PROVIDED INFORMATION Start Marker

(* Let $n\ge6$ be even, $l$ an integer with $2\le l<n/2$, $m\in\mathbb N$, $B=B^{(1,n,l)}$, and assume the seeds are i.i.d. uniform on $[n]$. Then for every $i\in B\setminus\{l+1\}$, $$\mathsf P\bigl(\Xi_B(l+1)\le\Xi_B(i)\bigr)\le\exp\Bigl\{m\log\Bigl[1-\tfrac1n\bigl(\sqrt{l+1}-\sqrt2\bigr)^2\Bigr]\Bigr\}.$$
   Context: Candidates $[n]$, $m$ voters; voter $j$ has the clockwise oriented preference list $(s_j,s_j+1,\dots,n,1,\dots,s_j-1)$ with seed $s_j$; the seeds are independent and uniform on $[n]$. In an election among a non-empty $S\subseteq[n]$ each voter votes for the first candidate of $S$ in its list; $\Xi_S(i)$ is the number of votes for $i\in S$. For even $n$ and $2\le l<n/2$: $B^{(1,n,l)}=\{n-l+1,\dots,n\}\cup\{l+2i-1:1\le i\le (n-2l)/2\}$ (the complement of $A^{(1,n,l)}=\{1,\dots,l\}\cup\{l+2i:1\le i\le(n-2l)/2\}$). *)

From mathcomp Require Import all_boot.
From Stdlib Require Import Reals.

Set Implicit Arguments.
Unset Strict Implicit.
Unset Printing Implicit Defensive.

(* Candidates are the natural numbers 1..n.  A seed is an element s : 'I_n,
   representing the seed value (val s).+1 in [n]. *)

(* Position of candidate c (in 1..n) in the clockwise list of a voter with
   seed value sv (in 1..n): the list is (sv, sv+1, ..., n, 1, ..., sv-1). *)
Definition rank (n sv c : nat) : nat := (c + n - sv) %% n.

Definition votes_for (n : nat) (S : pred nat) (s : 'I_n) (i : nat) : bool :=
  [&& 1 <= i <= n, S i &
      [forall c : 'I_n, S c.+1 ==> (rank n s.+1 i <= rank n s.+1 c.+1)]].

Definition Xi (n m : nat) (S : pred nat) (seeds : {ffun 'I_m -> 'I_n}) (i : nat)
  : nat := #|[set j : 'I_m | votes_for S (seeds j) i]|.

Definition Bset (n l : nat) : pred nat := fun c =>
  ((n - l + 1 <= c) && (c <= n)) ||
  [exists i : 'I_((n - 2 * l) %/ 2).+1, (1 <= i) && (c == l + 2 * i - 1)].

(* Probability under i.i.d. uniform seeds on [n], i.e. uniform measure on
   the n^m seed assignments. *)
Definition prob_seeds (n m : nat) (E : pred {ffun 'I_m -> 'I_n}) : R :=
  (INR #|[set s | E s]| / INR (n ^ m))%R.
Arguments prob_seeds n m E : clear implicits.

From mathcomp Require Import all_boot all_order all_algebra zify Rstruct.
From Stdlib Require Import Reals Lra.
Import Order.TTheory GRing.Theory Num.Theory.

Set Implicit Arguments.
Unset Strict Implicit.
Unset Printing Implicit Defensive.

(* Every candidate of B is at least l+1, so each of the l+1 seeds 1..l+1
   makes its voter choose l+1; any other i in B has a predecessor in B at
   distance at most 2, so at most 2 seeds make a voter choose i.  With
   a = [vote for l+1] and b = [vote for i] (disjoint events), weighting a seed
   by t, 1/t or 1 according to a, b or neither (0 < t <= 1) shows that the
   assignments with #a <= #b number at most (sum of weights)^m, which bounds
   the probability by (1 + (t-1) P(a) + (1/t-1) P(b))^m.  The choice
   t = sqrt 2 / sqrt (l+1) makes the base at most 1 - (sqrt (l+1) - sqrt 2)^2 / n. *)

Lemma rank_sub n sv c : 1 <= sv <= c -> c <= n -> rank n sv c = c - sv.
Proof.
move=> /andP[sv1 svc] cn; rewrite /rank.
have -> : c + n - sv = c - sv + n by lia.
by rewrite modnDr modn_small //; lia.
Qed.

Lemma rank_wrap n sv c : c < sv <= n -> rank n sv c = c + n - sv.
Proof. by move=> /andP[csv svn]; rewrite /rank modn_small //; lia. Qed.

Lemma rank_inj n sv i j : 1 <= sv <= n -> 1 <= i <= n -> 1 <= j <= n ->
  rank n sv i = rank n sv j -> i = j.
Proof.
move=> /andP[sv1 svn] /andP[i1 i_n] /andP[j1 j_n].
have rk c : 1 <= c <= n -> rank n sv c = if sv <= c then c - sv else c + n - sv.
  move=> /andP[c1 cn]; case: leqP => csv.
  - by apply: rank_sub => //; lia.
  - by apply: rank_wrap; lia.
rewrite !rk ?i1 ?j1 //.
by case: leqP => ?; case: leqP => ?; lia.
Qed.

Section Votes.

Variables (n : nat) (S : pred nat).

Lemma votes_for_functional (s : 'I_n) i j :
  votes_for S s i -> votes_for S s j -> i = j.
Proof.
move=> /and3P[i_n Si /forallP ri] /and3P[j_n Sj /forallP rj].
have i' : i.-1 < n by lia.
have j' : j.-1 < n by lia.
have := ri (Ordinal j'); have := rj (Ordinal i'); rewrite /=.
rewrite !prednK ?Si ?Sj /= => [rji rij||]; try lia.
apply: (rank_inj (sv := s.+1) (n := n)) => //; first by have := ltn_ord s; lia.
by apply/eqP; rewrite eqn_leq rij rji.
Qed.

Lemma votes_for_min (s : 'I_n) i :
  1 <= i <= n -> S i -> (forall c, S c -> i <= c) -> s < i -> votes_for S s i.
Proof.
move=> i_n Si minS si; apply/and3P; split=> //.
apply/forallP => c; apply/implyP => Sc; have := minS _ Sc; have := ltn_ord c.
move=> cn ic; rewrite !rank_sub //; lia.
Qed.

Lemma votes_for_seed (s : 'I_n) c i :
  1 <= c < i -> S c -> votes_for S s i -> c <= s < i.
Proof.
move=> ci Sc /and3P[i_n _ /forallP ri].
have c' : c.-1 < n by lia.
have := ri (Ordinal c'); rewrite /= prednK ?Sc /=; last by lia.
have := ltn_ord s; have [sc|cs] := leqP s.+1 c => sn.
  by rewrite !rank_sub //; lia.
have [si|is_] := leqP s.+1 i; first by lia.
by rewrite !rank_wrap //; lia.
Qed.

Lemma card_votes_for_min i :
  1 <= i <= n -> S i -> (forall c, S c -> i <= c) ->
  i <= #|(fun s : 'I_n => votes_for S s i)|.
Proof.
move=> i_n Si minS; have i_le_n : i <= n by lia.
have widen_inj : injective (widen_ord i_le_n) by move=> x y /(congr1 val) /= /val_inj.
rewrite -[X in X <= _]card_ord -(card_imset _ widen_inj).
apply/subset_leq_card/subsetP => _ /imsetP[s _ ->].
by rewrite unfold_in; apply: votes_for_min => //=; apply: ltn_ord.
Qed.

Lemma card_votes_for_gap c i :
  1 <= c < i -> S c -> #|(fun s : 'I_n => votes_for S s i)| <= i - c.
Proof.
move=> ci Sc; rewrite cardE -(size_map val) -[i - c](size_iota c).
apply: uniq_leq_size; first by rewrite (map_inj_uniq val_inj) enum_uniq.
move=> _ /mapP[s + ->]; rewrite mem_enum unfold_in => /(votes_for_seed ci Sc).
by rewrite mem_iota subnKC //; lia.
Qed.

End Votes.

Lemma Bset_bounds n l c : 2 * l < n -> Bset n l c -> l + 1 <= c <= n.
Proof.
move=> l_small /orP[|/existsP[j /andP[j1 /eqP ->]]]; first lia.
by have := ltn_ord j; lia.
Qed.

Lemma Bset_odd n l j : 1 <= j <= (n - 2 * l) %/ 2 -> Bset n l (l + 2 * j - 1).
Proof.
move=> j_range; apply/orP; right; apply/existsP.
have j_lt : j < ((n - 2 * l) %/ 2).+1 by lia.
by exists (Ordinal j_lt); rewrite /= eqxx andbT; lia.
Qed.

Lemma Bset_l1 n l : ~~ odd n -> 2 * l < n -> Bset n l (l + 1).
Proof.
move=> /negbTE n_even l_small; have n_mod2 : n %% 2 = 0 by rewrite modn2 n_even.
by have := @Bset_odd n l 1; rewrite muln1 -addnBA //; apply; lia.
Qed.

Lemma Bset_gap n l i : ~~ odd n -> 2 * l < n -> Bset n l i -> i <> l + 1 ->
  exists2 c, Bset n l c & i - 2 <= c < i.
Proof.
move=> /negbTE n_even l_small Bi il1; have n_mod2 : n %% 2 = 0 by rewrite modn2 n_even.
case/orP: (Bi) => [/andP[i_lo i_hi]|/existsP[j /andP[j1 /eqP ij]]].
- have [->|i_ne] := eqVneq i (n - l + 1).
    exists (l + 2 * ((n - 2 * l) %/ 2) - 1); last by lia.
    by apply: Bset_odd; lia.
  by exists i.-1; [apply/orP; left|]; lia.
- exists (l + 2 * (j - 1) - 1); last by lia.
  by apply: Bset_odd; have := ltn_ord j; lia.
Qed.

Section Tilting.

Local Open Scope ring_scope.

Variables (T : finType) (a b : pred T).
Hypothesis ab_disjoint : forall s, a s -> ~~ b s.

Definition tilt (F : fieldType) (t : F) (s : T) : F :=
  if a s then t else if b s then t^-1 else 1.

Lemma sum_tilt (F : fieldType) (t : F) :
  \sum_s tilt t s = #|T|%:R + (t - 1) * #|a|%:R + (t^-1 - 1) * #|b|%:R.
Proof.
pose d s := (if a s then t - 1 else 0) + (if b s then t^-1 - 1 else 0).
rewrite (eq_bigr (fun s => 1 + d s)) => [|s _]; last first.
  rewrite /tilt /d; case: ifP => [as_|_].
    by rewrite (negbTE (ab_disjoint as_)) addr0 addrC subrK.
  by case: ifP; rewrite ?add0r ?addr0 // addrC subrK.
rewrite !big_split /= -!big_mkcond /= sumr_const (sumr_const a) (sumr_const b) addrA.
by rewrite !mulr_natr.
Qed.

Variable F : realFieldType.

Lemma tilt_ge0 (t : F) s : 0 < t -> 0 <= tilt t s.
Proof.
by move=> t_gt0; rewrite /tilt; case: (a s); case: (b s); rewrite ?invr_ge0 ?ler01 // ltW.
Qed.

Lemma prod_tilt_ge1 m (t : F) (f : {ffun 'I_m -> T}) : 0 < t <= 1 ->
  (#|[set j | a (f j)]| <= #|[set j | b (f j)]|)%nat -> 1 <= \prod_j tilt t (f j).
Proof.
move=> /andP[t_gt0 t_le1] hits.
rewrite (bigID (fun j => a (f j))) /= [X in _ * X](bigID (fun j => b (f j))) /=.
rewrite (eq_bigr (fun _ => t)); last by move=> j; rewrite /tilt => ->.
rewrite [X in _ * (X * _)](eq_bigr (fun _ => t^-1)); last first.
  by move=> j /andP[/negbTE na nb]; rewrite /tilt na nb.
rewrite [X in _ * (_ * X)](eq_bigr (fun _ => 1)); last first.
  by move=> j /andP[/negbTE na /negbTE nb]; rewrite /tilt na nb.
rewrite !prodr_const expr1n mulr1.
have -> : #|[pred j | a (f j)]| = #|[set j | a (f j)]| by apply: eq_card => j; rewrite inE.
have -> : #|[pred j | ~~ a (f j) & b (f j)]| = #|[set j | b (f j)]|.
  apply: eq_card => j; rewrite !inE /=.
  by case ha: (a (f j)) => //=; rewrite (negbTE (ab_disjoint ha)).
rewrite -(subnKC hits) exprD mulrA -exprMn mulfV ?gt_eqF // expr1n mul1r.
by apply: exprn_ege1; rewrite invf_ge1.
Qed.

Lemma card_fewer_hits_le m (t : F) : 0 < t <= 1 ->
  #|[set f : {ffun 'I_m -> T} | (#|[set j | a (f j)]| <= #|[set j | b (f j)]|)%nat]|%:R
  <= (#|T|%:R + (t - 1) * #|a|%:R + (t^-1 - 1) * #|b|%:R) ^+ m.
Proof.
move=> t_range; have t_gt0 : 0 < t by case/andP: t_range.
set E := [set f | _].
rewrite -sum_tilt -[m in X in _ <= X]card_ord -prodr_const bigA_distr_bigA /=.
rewrite -sum1_card natr_sum [X in _ <= X](bigID (mem E)) /=.
rewrite -[X in X <= _]addr0 lerD //.
  by apply: ler_sum => f; rewrite inE; apply: prod_tilt_ge1.
by apply: sumr_ge0 => f _; apply: prodr_ge0 => j _; apply: tilt_ge0.
Qed.

Lemma tilt_mass_ge0 (t : F) : 0 < t ->
  0 <= #|T|%:R + (t - 1) * #|a|%:R + (t^-1 - 1) * #|b|%:R.
Proof. by move=> t_gt0; rewrite -sum_tilt; apply: sumr_ge0 => s _; apply: tilt_ge0. Qed.

End Tilting.

Section RealBounds.

Local Open Scope R_scope.

Lemma prob_seeds_fewer_hits_le n m (a b : pred 'I_n) (t : R) :
  (0 < n)%nat -> (forall s, a s -> ~~ b s) -> 0 < t -> t <= 1 ->
  prob_seeds n m (fun f => #|[set j | a (f j)]| <= #|[set j | b (f j)]|)%nat
  <= ((INR n + (t - 1) * INR #|a| + (/ t - 1) * INR #|b|) / INR n) ^ m.
Proof.
move=> n_gt0 ab_disjoint t_gt0 t_le1.
have t_range := introT andP (conj (introT RltP t_gt0) (introT RleP t_le1)).
have /RleP := card_fewer_hits_le ab_disjoint m t_range.
rewrite card_ord -RpowE -!INRE -RinvE => count_le.
rewrite /prob_seeds /Rdiv Rpow_mult_distr pow_inv pow_INR.
apply: Rmult_le_compat_r count_le.
by apply/Rlt_le/Rinv_0_lt_compat/pow_lt/lt_0_INR; lia.
Qed.

Lemma tilt_optimal A B alpha beta : 0 < B < A -> A <= alpha -> 0 <= beta <= B ->
  let t := sqrt B / sqrt A in
  (t - 1) * alpha + (/ t - 1) * beta <= - (sqrt A - sqrt B) ^ 2.
Proof.
move=> [B_gt0 BA] A_alpha beta_range t.
have sA2 : sqrt A * sqrt A = A by apply: sqrt_sqrt; lra.
have sB2 : sqrt B * sqrt B = B by apply: sqrt_sqrt; lra.
have sB_gt0 : 0 < sqrt B by apply: sqrt_lt_R0.
have sBA : sqrt B < sqrt A by apply: sqrt_lt_1_alt; lra.
have t_inv : / t = sqrt A / sqrt B by rewrite /t; field; lra.
have alpha_term : (t - 1) * alpha <= (t - 1) * A.
  apply: Rmult_le_compat_neg_l => //; rewrite /t.
  apply/Rle_minus/(Rmult_le_reg_r (sqrt A)); first lra.
  by field_simplify; lra.
have beta_term : (/ t - 1) * beta <= (/ t - 1) * B.
  apply: Rmult_le_compat_l; last lra.
  rewrite t_inv; apply/Rge_le/Rge_minus/Rle_ge/(Rmult_le_reg_r (sqrt B)); first lra.
  by field_simplify; lra.
suff : (t - 1) * A + (/ t - 1) * B = - (sqrt A - sqrt B) ^ 2 by lra.
rewrite t_inv /t -[A in _ * A + _]sA2 -[B in _ + _ * B]sB2.
by field; lra.
Qed.

Lemma pow_le_exp_ln x y m : 0 <= x <= y -> 0 < y -> x ^ m <= exp (INR m * ln y).
Proof.
move=> x_range y_gt0; rewrite -ln_pow // exp_ln; last exact: pow_lt.
by apply: pow_incr.
Qed.

Lemma prob_seeds_fewer_hits_exp n m k (a b : pred 'I_n) :
  (forall s, a s -> ~~ b s) -> (2 < k < n)%nat -> (k <= #|a|)%nat -> (#|b| <= 2)%nat ->
  prob_seeds n m (fun f => #|[set j | a (f j)]| <= #|[set j | b (f j)]|)%nat
  <= exp (INR m * ln (1 - / INR n * (sqrt (INR k) - sqrt 2) ^ 2)).
Proof.
move=> ab_disjoint k_range card_a card_b.
have k_gt2 : 2 < INR k by rewrite (_ : 2 = INR 2) //; apply: lt_INR; lia.
have k_lt_n : INR k < INR n by apply: lt_INR; lia.
have n_gt0 : (0 < n)%nat by lia.
set sk := sqrt (INR k); set s2 := sqrt 2.
have s2_gt0 : 0 < s2 by apply: sqrt_lt_R0; lra.
have s2_lt : s2 < sk by apply: sqrt_lt_1_alt; lra.
have sk2 : sk * sk = INR k by apply: sqrt_sqrt; lra.
set t := s2 / sk.
have t_gt0 : 0 < t by apply: Rdiv_lt_0_compat; lra.
have t_le1 : t <= 1 by apply/(Rmult_le_reg_r sk); [lra | rewrite /t; field_simplify; lra].
apply: Rle_trans (prob_seeds_fewer_hits_le m n_gt0 ab_disjoint t_gt0 t_le1) _.
have /RleP := tilt_mass_ge0 ab_disjoint (introT RltP t_gt0).
rewrite card_ord -!INRE -RinvE.
set S := INR n + _ + _ => S_ge0.
have S_le : S <= INR n - (sk - s2) ^ 2.
  have card_aR : INR k <= INR #|a| by apply: le_INR; lia.
  have card_bR : INR #|b| <= 2 by rewrite (_ : 2 = INR 2) //; apply: le_INR; lia.
  have := tilt_optimal (conj Rlt_0_2 k_gt2) card_aR (conj (pos_INR _) card_bR).
  by rewrite -/sk -/s2 -/t /S; lra.
have gap_lt_n : (sk - s2) ^ 2 < INR n by nra.
have -> : 1 - / INR n * (sk - s2) ^ 2 = (INR n - (sk - s2) ^ 2) / INR n by field; lra.
have n_inv_gt0 : 0 < / INR n by apply: Rinv_0_lt_compat; lra.
apply: pow_le_exp_ln; first split.
- exact: Rmult_le_pos S_ge0 (Rlt_le _ _ n_inv_gt0).
- exact: Rmult_le_compat_r (Rlt_le _ _ n_inv_gt0) S_le.
- by apply: Rmult_lt_0_compat; lra.
Qed.

End RealBounds.

Theorem mainTheorem4 (n l m : nat) :
  6 <= n -> ~~ odd n -> 2 <= l -> 2 * l < n ->
  forall i : nat, Bset n l i -> i <> l + 1 ->
  (prob_seeds n m (fun s => leq (Xi (Bset n l) s (l + 1)) (Xi (Bset n l) s i))
   <= exp (INR m * ln (1 - / INR n * (sqrt (INR (l + 1)) - sqrt 2) ^ 2)))%R.
Proof.
(* [6 <= n] is implied by the other hypotheses. *)
move=> _ n_even l_ge2 l_small i Bi i_ne.
set a := fun s : 'I_n => votes_for (Bset n l) s (l + 1).
set b := fun s : 'I_n => votes_for (Bset n l) s i.
apply: (@prob_seeds_fewer_hits_exp n m (l + 1) a b).
- by move=> s l1_s; apply/negP => /(votes_for_functional l1_s) /esym.
- lia.
- apply: card_votes_for_min; [lia | exact: Bset_l1 | ].
  by move=> c /(Bset_bounds l_small) /andP[].
- have [c Bc ci] := Bset_gap n_even l_small Bi i_ne.
  have c_range : 1 <= c < i by have := Bset_bounds l_small Bc; lia.
  by apply: leq_trans (card_votes_for_gap n c_range Bc) _; lia.
Qed.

PROVIDED INFORMATION End Marker

WHAT TO DO => Please tally the lines of the entries that hold "Section" and give only the resulting number.

ANSWER => 3